» **Problem**:
Look for the word "colorable" in the data below, and copy every line that holds it.

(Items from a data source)

+++

(* Let $\rho$ be an $i$-polymatroid on a finite set $E$ and let $\rho^*$ be its $i$-dual. If $M_1,\dots,M_i$ are matroids on $E$ with $\rho=r_{M_1}+\cdots+r_{M_i}$, then $\rho^*=r_{M_1^*}+\cdots+r_{M_i^*}$. More generally, if $k\ge i$ and $M_1,\dots,M_k$ are matroids on $E$ with $\rho=r_{M_1}+\cdots+r_{M_k}$, then there are matroids $M'_1,\dots,M'_k$ on $E$ with $\rho^*=r_{M'_1}+\cdots+r_{M'_k}$ such that, for every $s\in[k]$, the matroid obtained from $M'_s$ by deleting its loops and coloops is the dual of the matroid obtained from $M_s$ by deleting its loops and coloops. Consequently, if $\min(\chi(\rho),\chi(\rho^* ))\ge i$, then $\chi(\rho)=\chi(\rho^* )$.
   Context: A polymatroid on $E$ is a function $\rho:2^E\to\mathbb{Z}$ that is normalized, non-decreasing and submodular; it is an $i$-polymatroid if $\rho(\{e\})\le i$ for all $e\in E$. The $i$-dual of an $i$-polymatroid $\rho$ is $\rho^*(X)=i|X|-\rho(E)+\rho(E-X)$ for $X\subseteq E$. $M^*$ denotes the dual matroid. The chromatic number $\chi(\rho)$ is the least positive integer $k$ such that $\rho=r_{M_1}+\cdots+r_{M_k}$ for some matroids $M_1,\dots,M_k$ on $E$, and $\infty$ if there is no such $k$. *)

From mathcomp Require Import all_boot all_order all_algebra.
Set Implicit Arguments. Unset Strict Implicit. Unset Printing Implicit Defensive.
Import Order.TTheory GRing.Theory Num.Theory.
Local Open Scope ring_scope.

Section Poly.
Variable E : finType.

Definition polymatroid (rho : {set E} -> int) : Prop :=
  [/\ rho set0 = 0,
      (forall X Y : {set E}, X \subset Y -> rho X <= rho Y) &
      (forall X Y : {set E}, rho (X :|: Y) + rho (X :&: Y) <= rho X + rho Y)].

Definition ipolymatroid (i : nat) (rho : {set E} -> int) : Prop :=
  polymatroid rho /\ (forall e : E, rho [set e] <= i%:Z).

Definition idual (i : nat) (rho : {set E} -> int) (X : {set E}) : int :=
  (i * #|X|)%:Z - rho setT + rho (~: X).

Record matroid := Matroid { mrank : {set E} -> int ; mrank_ax : ipolymatroid 1 mrank }.

Definition dual_rank (M : matroid) : {set E} -> int := idual 1 (mrank M).

Definition loops (M : matroid) : {set E} := [set e | mrank M [set e] == 0].
Definition coloops (M : matroid) : {set E} :=
  [set e | mrank M (~: [set e]) < mrank M setT].

(* ground set of M \ (loops ∪ coloops) *)
Definition core (M : matroid) : {set E} := ~: (loops M :|: coloops M).

(* the matroid M' \ (loops ∪ coloops) is the dual of M \ (loops ∪ coloops):
   same ground set G, and r_{M'}(X) = |X| - r_M(G) + r_M(G - X) for X ⊆ G *)
Definition core_dual (M' M : matroid) : Prop :=
  core M' = core M /\
  forall X : {set E}, X \subset core M ->
    mrank M' X = #|X|%:Z - mrank M (core M) + mrank M (core M :\: X).

Definition colorable (rho : {set E} -> int) (k : nat) : Prop :=
  exists M : 'I_k -> matroid, forall X : {set E}, rho X = \sum_(s < k) mrank (M s) X.

(* is_chi rho c : the chromatic number of rho is c (None = infinity) *)
Definition is_chi (rho : {set E} -> int) (c : option nat) : Prop :=
  match c with
  | Some k => (0 < k)%N /\ colorable rho k /\
              (forall k', (0 < k')%N -> colorable rho k' -> (k <= k')%N)
  | None => forall k', (0 < k')%N -> ~ colorable rho k'
  end.

Definition le_ext (i : nat) (c : option nat) : Prop :=
  match c with Some k => (i <= k)%N | None => True end.

End Poly.

(* Every matroid M splits E into its loops, its coloops K and its core C, and
   r(E) - r(E - X) = r(C) - r(C - X) + |X ∩ K|.  Summing over a decomposition
   rho = r_1 + ... + r_k gives
     rho^*(X) = sum_s (|X ∩ C_s| - r_s(C_s) + r_s(C_s - X))
                + (i|X| - sum_s |X ∩ (C_s ∪ K_s)|),
   where the first sum is that of the duals of the cores.  An element e lies in
   C_s ∪ K_s exactly when it is not a loop of M_s, i.e. for rho({e}) <= i indices s;
   the missing i - rho({e}) units are supplied by declaring e a coloop of M'_s for
   that many indices s at which e is a loop of M_s, which is possible because there
   are k - rho({e}) >= i - rho({e}) of them.  For k = i this is plain linearity of
   the dual.  Since rho -> rho^* is an involution on i-polymatroids that preserves
   k-colourability for k >= i, the chromatic numbers agree once both are >= i. *)

From mathcomp Require Import all_boot all_order all_algebra.
From mathcomp Require Import zify.
Set Implicit Arguments. Unset Strict Implicit. Unset Printing Implicit Defensive.
Import Order.TTheory GRing.Theory Num.Theory.
Local Open Scope ring_scope.

Section Polymatroid.
Variables (E : finType) (r : {set E} -> int).
Hypothesis r_poly : polymatroid r.
Implicit Types (X Y Z S : {set E}).

Lemma polymatroid0 : r set0 = 0.
Proof. by case: r_poly. Qed.

Lemma polymatroid_mono X Y : X \subset Y -> r X <= r Y.
Proof. by case: r_poly => _ + _; apply. Qed.

Lemma polymatroid_submod X Y : r (X :|: Y) + r (X :&: Y) <= r X + r Y.
Proof. by case: r_poly. Qed.

Lemma polymatroid_ge0 X : 0 <= r X.
Proof. by rewrite -polymatroid0 polymatroid_mono ?sub0set. Qed.

Lemma polymatroid_setU1_le a X : r (a |: X) <= r X + r [set a].
Proof.
have := polymatroid_submod X [set a]; have := polymatroid_ge0 (X :&: [set a]).
by rewrite setUC; lia.
Qed.

Lemma polymatroid_setU_le Z S : r (Z :|: S) <= r Z + \sum_(e in S) r [set e].
Proof.
suff seq_le s : r (Z :|: [set:: s]) <= r Z + \sum_(e <- s) r [set e].
  by have := seq_le (enum S); rewrite set_enum big_enum.
elim: s => [|a s IH]; first by rewrite big_nil addr0 set_nil setU0.
rewrite set_cons big_cons setUCA.
by apply: le_trans (polymatroid_setU1_le _ _) _; rewrite addrCA [leLHS]addrC lerD2l.
Qed.

End Polymatroid.

Lemma card_set1I (E : finType) (e : E) (A : {set E}) : #|[set e] :&: A| = (e \in A : nat).
Proof.
case: (boolP (e \in A)) => eA; first by rewrite (setIidPl _) ?cards1 ?sub1set.
by rewrite disjoint_setI0 ?cards0 // disjoints1.
Qed.

Section Matroid.
Variables (E : finType) (M : matroid E).
Local Notation r := (mrank M).
Local Notation C := (core M).
Local Notation K := (coloops M).
Implicit Types (X Y Z S : {set E}).

Lemma mrank_polymatroid : polymatroid r.
Proof. by case: (mrank_ax M). Qed.

Lemma mrank0 : r set0 = 0.
Proof. exact: polymatroid0 mrank_polymatroid. Qed.

Lemma mrank_mono X Y : X \subset Y -> r X <= r Y.
Proof. exact: (polymatroid_mono mrank_polymatroid). Qed.

Lemma mrank_submod X Y : r (X :|: Y) + r (X :&: Y) <= r X + r Y.
Proof. exact: (polymatroid_submod mrank_polymatroid). Qed.

Lemma mrank_ge0 X : 0 <= r X.
Proof. exact: (polymatroid_ge0 mrank_polymatroid). Qed.

Lemma mrank_set1 e : r [set e] = (e \notin loops M)%:Z.
Proof.
case: (mrank_ax M) => _ /(_ e); have := mrank_ge0 [set e].
by rewrite inE; case: eqP => /=; lia.
Qed.

Lemma mrank_setU_le_card Z S : r (Z :|: S) <= r Z + #|S|%:Z.
Proof.
apply: le_trans (polymatroid_setU_le mrank_polymatroid Z S) _.
rewrite lerD2l -sum1_card -natz natr_sum ler_sum // => e _.
by rewrite mrank_set1; case: (e \in loops M).
Qed.

Lemma mrank_setU_loops Z S : S \subset loops M -> r (Z :|: S) = r Z.
Proof.
move=> S_loops; apply/eqP; rewrite eq_le (mrank_mono (subsetUl Z S)) andbT.
apply: le_trans (polymatroid_setU_le mrank_polymatroid Z S) _.
rewrite big1 ?addr0 // => e /(subsetP S_loops) e_loop.
by rewrite mrank_set1 e_loop.
Qed.

Lemma loops_disjoint_coloops : [disjoint loops M & K].
Proof.
rewrite disjoints_subset; apply/subsetP => e; rewrite !inE => /eqP e_loop.
have := mrank_submod [set e] (~: [set e]).
by rewrite setUCr setICr mrank0 e_loop -leNgt; lia.
Qed.

Lemma mem_core e : (e \in C) = (e \notin loops M) && (e \notin K).
Proof. by rewrite /core in_setC in_setU negb_or. Qed.

Lemma mem_core_add_coloops e : ((e \in C) + (e \in K))%N = (e \notin loops M : nat).
Proof.
have := disjointFr loops_disjoint_coloops (x := e); rewrite mem_core.
by case: (e \in loops M) => [-> //|]; case: (e \in K).
Qed.

Lemma mrank_setU1_coloop Y e : e \in K -> e \notin Y -> r (e |: Y) = r Y + 1.
Proof.
rewrite inE => e_coloop eNY.
have := mrank_submod (e |: Y) (~: [set e]).
rewrite -setUA setUCA setUCr setUT setIUl setICr set0U -setDE.
rewrite (setDidPl (_ : [disjoint Y & [set e]])); last by rewrite disjoint_sym disjoints1.
have := polymatroid_setU1_le mrank_polymatroid e Y.
by rewrite mrank_set1; case: (e \in loops M) => /=; lia.
Qed.

Lemma mrank_setU_coloops Y S :
  S \subset K -> [disjoint S & Y] -> r (Y :|: S) = r Y + #|S|%:Z.
Proof.
suff seq_eq s : uniq s -> {subset s <= K} -> [disjoint s & Y] ->
    r (Y :|: [set:: s]) = r Y + (size s)%:Z.
  move=> /subsetP S_K S_Y; rewrite cardE -[in LHS](set_enum S).
  apply: seq_eq; first exact: enum_uniq.
    by move=> e; rewrite mem_enum; apply: S_K.
  by rewrite (eq_disjoint (mem_enum _)).
elim: s => [|a s IH] /=; first by rewrite set_nil setU0 addr0.
case/andP=> aNs s_uniq s_K; rewrite disjoint_cons => /andP [aNY s_Y].
rewrite set_cons setUCA mrank_setU1_coloop ?s_K ?mem_head //.
  rewrite IH // => [|e es]; first by rewrite -addrA -PoszD addn1.
  by rewrite s_K // inE es orbT.
by rewrite in_setU negb_or aNY inE.
Qed.

Lemma mrank_core_split Y : r Y = r (Y :&: C) + #|Y :&: K|%:Z.
Proof.
have Y_eq : Y = (Y :&: C :|: Y :&: K) :|: Y :&: loops M.
  by apply/setP => x; rewrite !in_setU !in_setI mem_core;
     case: (x \in Y); case: (x \in loops M); case: (x \in K).
rewrite {1}Y_eq mrank_setU_loops ?subsetIr // mrank_setU_coloops ?subsetIr //.
rewrite -setI_eq0; apply/eqP/setP => x; rewrite !in_setI mem_core in_set0.
by case: (x \in K); rewrite !andbF.
Qed.

Lemma mrank_setT_sub_setC X :
  r setT - r (~: X) = r C - r (C :\: X) + #|X :&: K|%:Z.
Proof.
rewrite (mrank_core_split setT) (mrank_core_split (~: X)) !setTI.
rewrite setIC -setDE [~: X :&: K]setIC -setDE -(cardsID X K) [K :&: X]setIC.
lia.
Qed.

Lemma mrank_core_setD1 e : e \in C -> r (C :\ e) = r C.
Proof.
rewrite mem_core => /andP [_ eNK].
have := mrank_setT_sub_setC [set e]; rewrite card_set1I (negbTE eNK).
have := mrank_mono (subsetDl C [set e]).
by move: eNK; rewrite inE -leNgt; lia.
Qed.

End Matroid.

Lemma cardsUI_setI (E : finType) (X Y Z : {set E}) :
  (#|(X :|: Y) :&: Z| + #|(X :&: Y) :&: Z| = #|X :&: Z| + #|Y :&: Z|)%N.
Proof. by rewrite setIUl -[RHS]cardsUI setIACA setIid. Qed.

Section DualCore.
Variables (E : finType) (M : matroid E) (A : {set E}).
Local Notation r := (mrank M).
Local Notation C := (core M).
Implicit Types (X Y : {set E}).

(* The dual of the core of [M], extended by the elements of [A] as coloops and by
   the other non-core elements as loops. *)
Definition dual_core_rank X : int :=
  #|X :&: C|%:Z - r C + r (C :\: X) + #|X :&: A|%:Z.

+++

» **Written reply**:
Definition colorable (rho : {set E} -> int) (k : nat) : Prop :=
  | Some k => (0 < k)%N /\ colorable rho k /\
              (forall k', (0 < k')%N -> colorable rho k' -> (k <= k')%N)
  | None => forall k', (0 < k')%N -> ~ colorable rho k'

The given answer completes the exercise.